EXERCISE REQUIREMENTS —
Two lines mark the range in the entries below: the one holding "(* raw elements" and the one holding "if insub x is". Set down those two and all lines between them, exactly.

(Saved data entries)
■ ■ ■ ■ ■ ■ ■

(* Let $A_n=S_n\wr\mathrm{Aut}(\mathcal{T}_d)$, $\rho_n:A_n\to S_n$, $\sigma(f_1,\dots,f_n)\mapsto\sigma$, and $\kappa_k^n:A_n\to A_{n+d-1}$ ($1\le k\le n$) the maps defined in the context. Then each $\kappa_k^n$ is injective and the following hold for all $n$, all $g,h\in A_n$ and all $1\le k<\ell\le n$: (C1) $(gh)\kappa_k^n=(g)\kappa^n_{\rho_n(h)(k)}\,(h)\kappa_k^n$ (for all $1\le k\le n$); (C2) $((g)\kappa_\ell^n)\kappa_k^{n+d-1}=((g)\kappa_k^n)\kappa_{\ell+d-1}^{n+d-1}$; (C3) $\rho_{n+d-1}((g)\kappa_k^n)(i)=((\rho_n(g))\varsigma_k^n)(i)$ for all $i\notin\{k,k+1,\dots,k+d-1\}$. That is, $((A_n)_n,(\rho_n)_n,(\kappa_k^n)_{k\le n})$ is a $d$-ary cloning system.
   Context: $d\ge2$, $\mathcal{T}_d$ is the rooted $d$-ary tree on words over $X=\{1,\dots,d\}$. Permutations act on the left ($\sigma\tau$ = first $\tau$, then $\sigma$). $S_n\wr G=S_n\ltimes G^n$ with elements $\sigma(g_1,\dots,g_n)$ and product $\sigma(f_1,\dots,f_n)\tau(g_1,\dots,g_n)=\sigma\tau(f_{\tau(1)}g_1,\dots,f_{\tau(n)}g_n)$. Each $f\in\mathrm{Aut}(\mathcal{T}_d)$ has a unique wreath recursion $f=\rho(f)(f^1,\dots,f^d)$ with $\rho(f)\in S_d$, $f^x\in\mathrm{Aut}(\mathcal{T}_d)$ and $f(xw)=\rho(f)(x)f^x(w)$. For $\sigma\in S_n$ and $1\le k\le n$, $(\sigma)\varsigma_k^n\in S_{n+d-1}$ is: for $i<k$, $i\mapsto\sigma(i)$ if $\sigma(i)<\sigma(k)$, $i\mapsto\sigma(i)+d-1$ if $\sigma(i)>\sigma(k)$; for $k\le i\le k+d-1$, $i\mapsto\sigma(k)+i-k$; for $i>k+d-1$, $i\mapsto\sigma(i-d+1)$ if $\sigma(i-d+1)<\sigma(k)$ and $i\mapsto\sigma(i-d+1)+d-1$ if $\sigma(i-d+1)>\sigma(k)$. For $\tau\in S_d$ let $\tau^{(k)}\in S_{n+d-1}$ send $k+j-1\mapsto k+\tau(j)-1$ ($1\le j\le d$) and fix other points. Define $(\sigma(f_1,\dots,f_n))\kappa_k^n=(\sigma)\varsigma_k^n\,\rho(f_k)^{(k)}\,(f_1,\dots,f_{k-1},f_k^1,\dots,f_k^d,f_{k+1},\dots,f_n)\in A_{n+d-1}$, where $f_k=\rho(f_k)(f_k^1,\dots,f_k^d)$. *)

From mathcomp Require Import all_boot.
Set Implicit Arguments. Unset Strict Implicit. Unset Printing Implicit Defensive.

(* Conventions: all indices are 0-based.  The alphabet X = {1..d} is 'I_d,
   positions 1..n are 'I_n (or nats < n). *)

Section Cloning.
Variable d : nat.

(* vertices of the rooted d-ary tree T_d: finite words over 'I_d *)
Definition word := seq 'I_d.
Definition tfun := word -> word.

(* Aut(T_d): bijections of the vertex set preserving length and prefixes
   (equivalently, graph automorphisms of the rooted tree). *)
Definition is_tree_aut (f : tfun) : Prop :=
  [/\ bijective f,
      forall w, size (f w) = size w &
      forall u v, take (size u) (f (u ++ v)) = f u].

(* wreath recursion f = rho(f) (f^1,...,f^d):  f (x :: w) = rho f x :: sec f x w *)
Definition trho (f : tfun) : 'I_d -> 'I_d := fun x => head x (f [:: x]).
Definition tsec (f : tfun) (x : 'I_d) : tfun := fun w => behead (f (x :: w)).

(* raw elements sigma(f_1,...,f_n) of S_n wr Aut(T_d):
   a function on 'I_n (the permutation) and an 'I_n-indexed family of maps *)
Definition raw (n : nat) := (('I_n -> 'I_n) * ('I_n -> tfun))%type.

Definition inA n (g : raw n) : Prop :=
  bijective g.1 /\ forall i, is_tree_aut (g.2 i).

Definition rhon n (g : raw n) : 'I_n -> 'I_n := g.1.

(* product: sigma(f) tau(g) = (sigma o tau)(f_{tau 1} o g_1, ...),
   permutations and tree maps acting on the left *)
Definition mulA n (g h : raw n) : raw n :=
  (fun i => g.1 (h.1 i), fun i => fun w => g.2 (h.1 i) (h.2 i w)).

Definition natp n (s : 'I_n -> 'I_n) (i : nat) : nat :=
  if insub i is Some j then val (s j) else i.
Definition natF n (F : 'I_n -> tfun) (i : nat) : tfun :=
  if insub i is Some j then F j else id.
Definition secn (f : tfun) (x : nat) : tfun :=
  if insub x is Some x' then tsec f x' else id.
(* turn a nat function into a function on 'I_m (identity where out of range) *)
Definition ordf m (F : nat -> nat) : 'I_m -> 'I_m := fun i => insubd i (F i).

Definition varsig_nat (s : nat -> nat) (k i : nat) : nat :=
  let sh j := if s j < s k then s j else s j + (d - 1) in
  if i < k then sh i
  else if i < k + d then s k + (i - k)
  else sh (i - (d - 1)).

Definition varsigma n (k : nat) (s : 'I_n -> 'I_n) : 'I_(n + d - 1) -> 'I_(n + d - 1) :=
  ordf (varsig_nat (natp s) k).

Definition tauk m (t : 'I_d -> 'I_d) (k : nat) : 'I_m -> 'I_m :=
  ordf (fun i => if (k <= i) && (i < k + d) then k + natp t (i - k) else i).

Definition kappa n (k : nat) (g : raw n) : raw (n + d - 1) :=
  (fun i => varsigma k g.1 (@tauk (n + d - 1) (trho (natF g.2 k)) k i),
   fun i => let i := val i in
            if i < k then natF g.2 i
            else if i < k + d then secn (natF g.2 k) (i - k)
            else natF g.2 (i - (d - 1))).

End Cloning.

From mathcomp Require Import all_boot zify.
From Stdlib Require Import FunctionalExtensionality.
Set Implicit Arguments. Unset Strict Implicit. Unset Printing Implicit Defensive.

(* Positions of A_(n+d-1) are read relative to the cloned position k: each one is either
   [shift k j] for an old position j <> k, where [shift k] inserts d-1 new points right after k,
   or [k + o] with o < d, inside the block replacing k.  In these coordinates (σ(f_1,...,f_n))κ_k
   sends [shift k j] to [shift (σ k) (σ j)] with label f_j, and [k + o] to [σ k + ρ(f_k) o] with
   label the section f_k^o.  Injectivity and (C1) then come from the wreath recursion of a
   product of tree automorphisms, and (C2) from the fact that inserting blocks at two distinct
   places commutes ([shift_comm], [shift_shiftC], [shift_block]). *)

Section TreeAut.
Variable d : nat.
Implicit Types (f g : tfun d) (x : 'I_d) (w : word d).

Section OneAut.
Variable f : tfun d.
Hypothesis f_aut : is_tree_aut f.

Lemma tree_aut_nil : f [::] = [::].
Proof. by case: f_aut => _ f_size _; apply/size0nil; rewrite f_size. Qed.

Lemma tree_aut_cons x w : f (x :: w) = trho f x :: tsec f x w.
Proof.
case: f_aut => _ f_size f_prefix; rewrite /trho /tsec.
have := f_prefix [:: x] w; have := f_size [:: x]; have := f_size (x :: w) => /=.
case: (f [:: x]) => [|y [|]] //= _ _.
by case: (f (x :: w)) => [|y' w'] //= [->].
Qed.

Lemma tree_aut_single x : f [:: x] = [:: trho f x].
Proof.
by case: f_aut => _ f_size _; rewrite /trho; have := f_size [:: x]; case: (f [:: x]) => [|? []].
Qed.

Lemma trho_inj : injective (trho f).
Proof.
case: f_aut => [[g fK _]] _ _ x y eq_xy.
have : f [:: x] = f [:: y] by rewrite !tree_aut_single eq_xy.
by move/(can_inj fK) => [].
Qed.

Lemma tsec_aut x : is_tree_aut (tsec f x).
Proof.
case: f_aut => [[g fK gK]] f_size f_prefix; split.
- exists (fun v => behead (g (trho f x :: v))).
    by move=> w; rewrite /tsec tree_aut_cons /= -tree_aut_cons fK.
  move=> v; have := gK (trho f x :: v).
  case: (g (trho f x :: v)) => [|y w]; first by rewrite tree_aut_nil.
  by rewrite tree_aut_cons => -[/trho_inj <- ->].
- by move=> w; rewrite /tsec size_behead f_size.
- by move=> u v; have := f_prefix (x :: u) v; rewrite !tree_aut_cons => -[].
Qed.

■ ■ ■ ■ ■ ■ ■

PROBLEM SOLUTION —
(* raw elements sigma(f_1,...,f_n) of S_n wr Aut(T_d):
   a function on 'I_n (the permutation) and an 'I_n-indexed family of maps *)
Definition raw (n : nat) := (('I_n -> 'I_n) * ('I_n -> tfun))%type.

Definition inA n (g : raw n) : Prop :=
  bijective g.1 /\ forall i, is_tree_aut (g.2 i).

Definition rhon n (g : raw n) : 'I_n -> 'I_n := g.1.

(* product: sigma(f) tau(g) = (sigma o tau)(f_{tau 1} o g_1, ...),
   permutations and tree maps acting on the left *)
Definition mulA n (g h : raw n) : raw n :=
  (fun i => g.1 (h.1 i), fun i => fun w => g.2 (h.1 i) (h.2 i w)).

Definition natp n (s : 'I_n -> 'I_n) (i : nat) : nat :=
  if insub i is Some j then val (s j) else i.
Definition natF n (F : 'I_n -> tfun) (i : nat) : tfun :=
  if insub i is Some j then F j else id.
Definition secn (f : tfun) (x : nat) : tfun :=
  if insub x is Some x' then tsec f x' else id.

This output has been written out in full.